North Korea: risks or rewards?
Among the many current issues worrying investors, the geopolitical risk surrounding North Korea is often near the top of the list. At its core, the worry from a narrow investment perspective is that if a major conflict erupts into a full-fledged war, this would be – to say the least – highly disruptive to the world economy. It’s a worry, and indeed a reasonable one given the country’s history of authoritarianism and isolation. What’s more, the risks have been magnified by North Korea’s new nuclear capabilities. However, this view skews towards a pessimistic interpretation of how the future will unfold. What if things don’t turn out quite so poorly? The market, as ever, has its contrarians. We read with interest the story of Busan Industrial’s recent stock surge of 500% since late April. Its Korean investors are betting (with gusto!) that the small cap South Korean construction company will be a big beneficiary if relations with North Korea thaw and the two economies become more connected over time. (The Wall Street Journal, June 12, 2018)

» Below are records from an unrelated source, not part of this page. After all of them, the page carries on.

Lemma L2vec_ftrunc t f : L2vec T f -> L2vec T (ftrunc t f).
Proof.
move=> Lf i; have [mf if2] := Lf i.
have mg : measurable_fun `[0, T] (ftrunc t f i).
  apply: measurable_fun_if.
  - exact: measurable_itv.
  - by apply: measurable_fun_ltr; [exact: measurable_cst|exact: measurable_id].
  - by apply: measurable_funS mf; [exact: measurable_itv|exact: subIsetl].
  - exact: measurable_cst.
split => //; apply: le_integrable if2; first exact: measurable_itv.
  by apply/measurable_EFinP; exact: measurable_funX.
move=> r _ /=; rewrite /ftrunc lee_fin; case: ifP => // _.
by rewrite expr0n normr0.
Qed.

Lemma kop_ktrunc t (G : 'I_N -> 'I_N -> R -> R -> R) f :
  kop T (ktrunc t G) f = kop T G (ftrunc t f).
Proof.
apply/funext => i; apply/funext => s; apply: eq_Rintegral => r _.
by apply: eq_bigr => j _; rewrite /ktrunc /ftrunc; case: ifP; rewrite ?mul0r ?mulr0.
Qed.

Lemma kadj_ktrunc t (G : 'I_N -> 'I_N -> R -> R -> R) f i s :
  kadj T (ktrunc t G) f i s = if t < s then kadj T G f i s else 0.
Proof.
rewrite /kadj /ktrunc; case: ifP => // _.
by rewrite /Rintegral integral0_eq // => r _; rewrite big1 // => j _; rewrite mul0r.
Qed.

Section volterra_kernels.
Variable G : 'I_N -> 'I_N -> R -> R -> R.
Hypothesis volG : forall i j, volterra T (G i j).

A good idea is hard to find
How much effort do we have to put in to come up with a good idea? The romantic view of “ideation” is that, like Newton’s experience with the falling apple, great ideas are borne from a flash of insight seemingly derived from thin air. However, the more pragmatic reality is that many of the world’s great ideas come from years of hard-slogging research. In a sobering academic paper, professors from Stanford and MIT came to the conclusion that it’s getting that much harder to find new, breakthrough ideas:
“We present a wide range of evidence from various industries, products, and firms showing that research effort is rising substantially while research productivity is declining sharply. A good example is Moore’s Law. The number of researchers required today to achieve the famous doubling every two years of the density of computer chips is more than 18 times larger than the number required in the early 1970s. Across a broad range of case studies at various levels of (dis)aggregation, we find that ideas — and in particular the exponential growth they imply — are getting harder and harder to find.” (Bloom, Jones, Van Reenen, and Webb, “Are Ideas Getting Harder to Find?,” March, 2018)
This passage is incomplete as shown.